- _What the task requires_: Could you retype the entries exactly as they are?

- _Input_:
Lemma step1_seq_other t l p q : q \notin map g l ->
  (step1_seq t l).1 p q = t.1 p q /\ (step1_seq t l).2 p q = t.2 p q.
Proof.
elim: l => [|a l IH] //=; rewrite in_cons negb_or => /andP[q_a /IH[<- <-]].
exact: step1_qubit_other.
Qed.

Lemma step1_seq_X t l a p :
  uniq l -> a \in l -> (v 0 a != 0) || (w 0 a != 0) ->
  (step1_seq t l).1 p (g a) = v 0 a * t.1 p (g a) + w 0 a * t.2 p (g a).
Proof.
elim: l => [|b l IH] //= /andP[b_l uniq_l].
rewrite in_cons => /orP[/eqP ->|a_l] supp_a.
  have b_out : g b \notin map g l by rewrite mem_map.
  by have [<- <-] := step1_seq_other t p b_out; apply: step1_qubit_X.
have a_b : g a != g b by rewrite (inj_eq g_inj); apply: contraNneq b_l => <-.
by have [-> _] := step1_qubit_other (v 0 b) (w 0 b) (step1_seq t l) p a_b; apply: IH.
Qed.

Lemma keeps_relations_step1_seq t l : keeps_relations t (step1_seq t l).
Proof.
elim: l => [|a l IH] //=; apply: keeps_relations_trans IH _.
exact: keeps_relations_step1.
Qed.

Lemma commuting_step1_seq t l : commuting t -> commuting (step1_seq t l).
Proof. by move=> comm_t; elim: l => [|a l IH] //=; apply: commuting_step1. Qed.

Variable i : 'I_m.

Definition step2_seq (t : tab k n) (L : seq 'I_m) :=
  foldr (fun a s => gateCNOT (g a) (g i) s) t L.

Lemma step2_seq_X t L p q : i \notin L ->
  (step2_seq t L).1 p q =
    if q == g i then t.1 p (g i) + \sum_(a <- L) t.1 p (g a) else t.1 p q.
Proof.
elim: L q => [|a L IH] q /=; first by rewrite big_nil addr0; case: eqP => [->|].
rewrite in_cons negb_or => /andP[i_a i_L]; rewrite mxE.
case: ifP => [_|q_i]; last by rewrite IH // q_i.
have a_i : g a != g i by rewrite (inj_eq g_inj) eq_sym.
by rewrite !IH // eqxx (negbTE a_i) big_cons -addrA [t.1 p (g a) + _]addrC.
Qed.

- _Result below_:
Lemma step1_seq_other t l p q : q \notin map g l ->
  (step1_seq t l).1 p q = t.1 p q /\ (step1_seq t l).2 p q = t.2 p q.
Proof.
elim: l => [|a l IH] //=; rewrite in_cons negb_or => /andP[q_a /IH[<- <-]].
exact: step1_qubit_other.
Qed.

Lemma step1_seq_X t l a p :
  uniq l -> a \in l -> (v 0 a != 0) || (w 0 a != 0) ->
  (step1_seq t l).1 p (g a) = v 0 a * t.1 p (g a) + w 0 a * t.2 p (g a).
Proof.
elim: l => [|b l IH] //= /andP[b_l uniq_l].
rewrite in_cons => /orP[/eqP ->|a_l] supp_a.
  have b_out : g b \notin map g l by rewrite mem_map.
  by have [<- <-] := step1_seq_other t p b_out; apply: step1_qubit_X.
have a_b : g a != g b by rewrite (inj_eq g_inj); apply: contraNneq b_l => <-.
by have [-> _] := step1_qubit_other (v 0 b) (w 0 b) (step1_seq t l) p a_b; apply: IH.
Qed.

Lemma keeps_relations_step1_seq t l : keeps_relations t (step1_seq t l).
Proof.
elim: l => [|a l IH] //=; apply: keeps_relations_trans IH _.
exact: keeps_relations_step1.
Qed.

Lemma commuting_step1_seq t l : commuting t -> commuting (step1_seq t l).
Proof. by move=> comm_t; elim: l => [|a l IH] //=; apply: commuting_step1. Qed.

Variable i : 'I_m.

Definition step2_seq (t : tab k n) (L : seq 'I_m) :=
  foldr (fun a s => gateCNOT (g a) (g i) s) t L.

Lemma step2_seq_X t L p q : i \notin L ->
  (step2_seq t L).1 p q =
    if q == g i then t.1 p (g i) + \sum_(a <- L) t.1 p (g a) else t.1 p q.
Proof.
elim: L q => [|a L IH] q /=; first by rewrite big_nil addr0; case: eqP => [->|].
rewrite in_cons negb_or => /andP[i_a i_L]; rewrite mxE.
case: ifP => [_|q_i]; last by rewrite IH // q_i.
have a_i : g a != g i by rewrite (inj_eq g_inj) eq_sym.
by rewrite !IH // eqxx (negbTE a_i) big_cons -addrA [t.1 p (g a) + _]addrC.
Qed.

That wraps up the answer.